- _YOUR TASK_
Set down exactly the lines from the one containing "by apply: sum_Rle" through the last line of the records below, both included, and nothing else.
BEGIN
(* Z(N+1,k) = ([N+1]_theta - 1) Z(N,k): the appended value must not be the top. *)
Lemma free_weight_step N k : (k <= N)%coq_nat ->
  free_weight N.+1 k = Rmult (Rminus (qint N.+1 theta) R1) (free_weight N k).
Proof.
move=> /leP k_le_N; rewrite /free_weight weight_insert_last big_ord_lift_max.
rewrite [X in _ (Rmult X _) = _]big_pred0 => [|s]; last first.
  by rewrite ltrmax_free_insert_last k_le_N ltnSn eqxx.
rewrite Rmult_0_l Monoid.mulm1 -sum_pow_rev_lift big_distrl.
apply: eq_bigr => j _; rewrite Rmult_comm; congr Rmult; apply: eq_bigl => s.
by rewrite ltrmax_free_insert_last eq_sym (neq_lift _ _) implybT ltrmax_free_all.
Qed.

(* W(N+1,k) = ([N+1]_theta - 1) W(N,k) + Z(N,k): either the top value is
   appended (won iff no record in between) or the game is decided before. *)
Lemma W_step N k : (k <= N)%coq_nat ->
  W N.+1 k theta =
  Rplus (Rmult (Rminus (qint N.+1 theta) R1) (W N k theta)) (free_weight N k).
Proof.
move=> /leP k_le_N; rewrite /W weight_insert_last big_ord_lift_max subnn Rmult_1_r.
congr (_ _ _); last by apply: eq_bigl => s; rewrite winnable_insert_last eqxx k_le_N.
rewrite -sum_pow_rev_lift big_distrl.
apply: eq_bigr => j _; rewrite Rmult_comm; congr Rmult; apply: eq_bigl => s.
by rewrite winnable_insert_last eq_sym (negbTE (neq_lift _ _)).
Qed.
End Weights.
End Insertion.

Open Scope R_scope.

Lemma cv_const c : Un_cv (fun _ => c) c.
Proof. by move=> eps eps_pos; exists 0%nat => n _; rewrite /Rdist Rminus_diag Rabs_R0. Qed.

Lemma geometric_cv0 x : 0 <= x < 1 -> Un_cv (pow x) 0.
Proof.
move=> [x_ge0 x_lt1] eps eps_pos.
have [N HN] := pow_lt_1_zero x ltac:(rewrite Rabs_right; lra) eps eps_pos.
by exists N => n n_ge; rewrite /Rdist Rminus_0_r; apply: HN.
Qed.

Lemma cv_squeeze0 (u v : nat -> R) :
  (forall n, 0 <= u n <= v n) -> Un_cv v 0 -> Un_cv u 0.
Proof.
move=> uv v_cv eps eps_pos; have [N HN] := v_cv eps eps_pos.
exists N => n n_ge; have [u_ge0 u_le_v] := uv n.
rewrite /Rdist Rminus_0_r Rabs_right; last lra.
apply: Rle_lt_trans (HN n n_ge); rewrite /Rdist Rminus_0_r.
by apply: Rle_trans (Rle_abs _).
Qed.

Lemma finite_argmax (u : nat -> R) M :
  exists k0, (1 <= k0 <= S M)%nat /\ forall k, (1 <= k <= S M)%nat -> u k <= u k0.
Proof.
elim: M => [|M [k0 [k0_range k0_max]]].
  by exists 1%nat; split => [|k k_range]; [lia | rewrite (_ : k = 1%nat); [lra | lia]].
case: (Rle_dec (u (S (S M))) (u k0)) => [u_le | u_gt].
- exists k0; split => [|k k_range]; first lia.
  by case: (Nat.eq_dec k (S (S M))) => [-> | k_ne] //; apply: k0_max; lia.
- exists (S (S M)); split => [|k k_range]; first lia.
  case: (Nat.eq_dec k (S (S M))) => [-> | k_ne]; first lra.
  by apply: (Rle_trans _ (u k0)); [apply: k0_max; lia | lra].
Qed.

(* A null sequence with u 1 > 0 attains its maximum over k >= 1: beyond the
   rank where |u k| < u 1 it is below u 1, so a finite maximum suffices. *)
Lemma argmax_of_cv0 (u : nat -> R) :
  Un_cv u 0 -> 0 < u 1%nat ->
  exists k0, (1 <= k0)%nat /\ forall k, (1 <= k)%nat -> u k <= u k0.
Proof.
move=> u_cv0 u1_pos; have [N small] := u_cv0 _ u1_pos.
have [k0 [k0_range k0_max]] := finite_argmax u N.
exists k0; split => [|k k_ge1]; first lia.
case: (Nat.le_gt_cases k (S N)) => [k_le | k_gt]; first by apply: k0_max; lia.
have := small k ltac:(lia); have := k0_max 1%nat ltac:(lia).
rewrite /Rdist Rminus_0_r => u1_le /Rabs_def2 [? _]; lra.
Qed.

Section Asymptotics.
Variable theta : R.
Hypothesis theta_gt1 : 1 < theta.

Lemma pow_gt1 {m : nat} : (0 < m)%nat -> 1 < theta ^ m.
Proof. by move=> m_pos; apply: Rlt_pow_R1. Qed.

Lemma qint_eq m : qint m theta = (theta ^ m - 1) / (theta - 1).
Proof.
apply: (Rmult_eq_reg_l (theta - 1)); last lra.
rewrite Insertion.qint_closed; field; lra.
Qed.

Lemma qfact_pos N : 0 < qfact N theta.
Proof.
elim: N => [|N IHN]; first by rewrite Insertion.qfact_0; lra.
rewrite Insertion.qfact_step qint_eq; apply: Rmult_lt_0_compat => //.
have := pow_gt1 (Nat.lt_0_succ N) => ?; apply: Rdiv_lt_0_compat; lra.
Qed.

(* Z(k+n,k)/[k+n]_theta!, the probability under Mallows that no
   left-to-right maximum occurs after position k, in closed form. *)
Definition free_prob (k n : nat) : R :=
  theta ^ n * (theta ^ k - 1) / (theta ^ (k + n) - 1).

Lemma free_weight_closed k n : (0 < k)%nat ->
  Insertion.free_weight theta (k + n) k = free_prob k n * qfact (k + n) theta.
Proof.
move=> k_pos; have Hk := pow_gt1 k_pos.
elim: n => [|n IHn].
  rewrite Nat.add_0_r Insertion.free_weight_base /free_prob Nat.add_0_r /=; field; lra.
have Hkn : 1 < theta ^ (k + n) by apply: pow_gt1; lia.
rewrite Nat.add_succ_r Insertion.free_weight_step; last by lia.
rewrite Insertion.qfact_step IHn qint_eq /free_prob Nat.add_succ_r /=.
field; repeat split; nra.
Qed.

Definition tail_term (k i : nat) : R := / (theta ^ (k + i) - 1).

Lemma winprob_step k n a : (0 < k)%nat ->
  winprob (k + n) k theta = free_prob k n * ((theta - 1) / theta) * a ->
  winprob (k + S n) k theta =
  free_prob k (S n) * ((theta - 1) / theta) * (a + tail_term k n).
Proof.
rewrite /winprob => k_pos Hw.
have Hk := pow_gt1 k_pos.
have Hkn : 1 < theta ^ (k + n) by apply: pow_gt1; lia.
have HF := qfact_pos (k + n).
rewrite Nat.add_succ_r Insertion.W_step; last by lia.
have -> : W (k + n) k theta = free_prob k n * ((theta - 1) / theta) * a * qfact (k + n) theta.
  by rewrite -Hw; field; lra.
rewrite Insertion.qfact_step free_weight_closed // qint_eq /free_prob /tail_term.
rewrite Nat.add_succ_r /=; field; repeat split; nra.
Qed.

Lemma winprob_closed k n : (0 < k)%nat ->
  winprob (k + S n) k theta =
  free_prob k (S n) * ((theta - 1) / theta) * sum_f_R0 (tail_term k) n.
Proof.
move=> k_pos.
have base : winprob (k + 0) k theta = free_prob k 0 * ((theta - 1) / theta) * 0.
  by rewrite /winprob Nat.add_0_r Insertion.W_base; field; have := qfact_pos k; lra.
elim: n => [|n IHn]; first by rewrite (winprob_step _ _ _ k_pos base) Rplus_0_l.
by rewrite (winprob_step _ _ _ k_pos IHn).
Qed.

Let q := / theta.

Lemma q_bounds : 0 <= q < 1.
Proof.
rewrite /q; split; first by left; apply: Rinv_0_lt_compat; lra.
by rewrite -Rinv_1; apply: Rinv_lt_contravar; lra.
Qed.

Definition majorant (k i : nat) : R := / (theta ^ k - 1) * q ^ i.

Lemma tail_term_bounds k i : (0 < k)%nat -> 0 < tail_term k i <= majorant k i.
Proof.
move=> k_pos; have Hk := pow_gt1 k_pos.
have Hi : 1 <= theta ^ i by apply: pow_R1_Rle; lra.
rewrite /tail_term /majorant /q pow_add pow_inv -Rinv_mult.
split; first by apply: Rinv_0_lt_compat; nra.
apply: Rinv_le_contravar; nra.
Qed.

Lemma majorant_series_cv k :
  Un_cv (sum_f_R0 (majorant k)) (/ (theta ^ k - 1) * / (1 - q)).
Proof.
apply: (Un_cv_ext (fun n => / (theta ^ k - 1) * sum_f_R0 (fun i => 1 * q ^ i) n)).
  by move=> n; rewrite scal_sum; apply: sum_eq => i _; rewrite /majorant; ring.
apply: CV_mult; first exact: cv_const.
have [q_ge0 q_lt1] := q_bounds; apply: GP_infinite; rewrite Rabs_right; lra.
Qed.

Lemma tail_series_cv k : (0 < k)%nat -> {S | Un_cv (sum_f_R0 (tail_term k)) S}.
Proof.
move=> k_pos; apply: (Rseries_CV_comp _ (majorant k)).
  by move=> i; have := tail_term_bounds k i k_pos; lra.
by exists (/ (theta ^ k - 1) * / (1 - q)); exact: majorant_series_cv.
Qed.

(* S_k = sum_(i >= 0) 1/(theta^(k+i) - 1) for k >= 1 (and 0 for k = 0). *)
Definition tail_sum (k : nat) : R :=
  match k with
  | O => 0
  | S k' => proj1_sig (tail_series_cv (S k') (Nat.lt_0_succ k'))
  end.

Lemma tail_sum_cv k : (0 < k)%nat -> Un_cv (sum_f_R0 (tail_term k)) (tail_sum k).
Proof. by case: k => [/Nat.lt_irrefl [] | k' _]; exact: proj2_sig. Qed.

Lemma tail_sum_bounds k : (0 < k)%nat ->
  0 < tail_sum k <= / (theta ^ k - 1) * / (1 - q).
Proof.
move=> k_pos; have Hcv := tail_sum_cv k k_pos; split.
- apply: (Rlt_le_trans _ (sum_f_R0 (tail_term k) 0)).
    exact: (proj1 (tail_term_bounds k 0 k_pos)).
  apply: (growing_ineq _ _ _ Hcv) => n /=; have := tail_term_bounds k (S n) k_pos; lra.
- move: Hcv (majorant_series_cv k); apply: Rle_cv_lim => n.
  by apply: sum_Rle => i _; case: (tail_term_bounds k i k_pos).
Qed.

Definition L (k : nat) : R := (theta - 1) * ((theta ^ k - 1) / theta ^ (k + 1)) * tail_sum k.

Lemma L_pos k : (0 < k)%nat -> 0 < L k.
Proof.
move=> k_pos; have Hk := pow_gt1 k_pos; have [S_pos _] := tail_sum_bounds k k_pos.
apply: Rmult_lt_0_compat => //; apply: Rmult_lt_0_compat; first lra.
by apply: Rdiv_lt_0_compat; [lra | apply: pow_lt; lra].
Qed.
END
- _SOLUTION TO THIS PROBLEM_
  by apply: sum_Rle => i _; case: (tail_term_bounds k i k_pos).
Qed.

Definition L (k : nat) : R := (theta - 1) * ((theta ^ k - 1) / theta ^ (k + 1)) * tail_sum k.

Lemma L_pos k : (0 < k)%nat -> 0 < L k.
Proof.
move=> k_pos; have Hk := pow_gt1 k_pos; have [S_pos _] := tail_sum_bounds k k_pos.
apply: Rmult_lt_0_compat => //; apply: Rmult_lt_0_compat; first lra.
by apply: Rdiv_lt_0_compat; [lra | apply: pow_lt; lra].
Qed.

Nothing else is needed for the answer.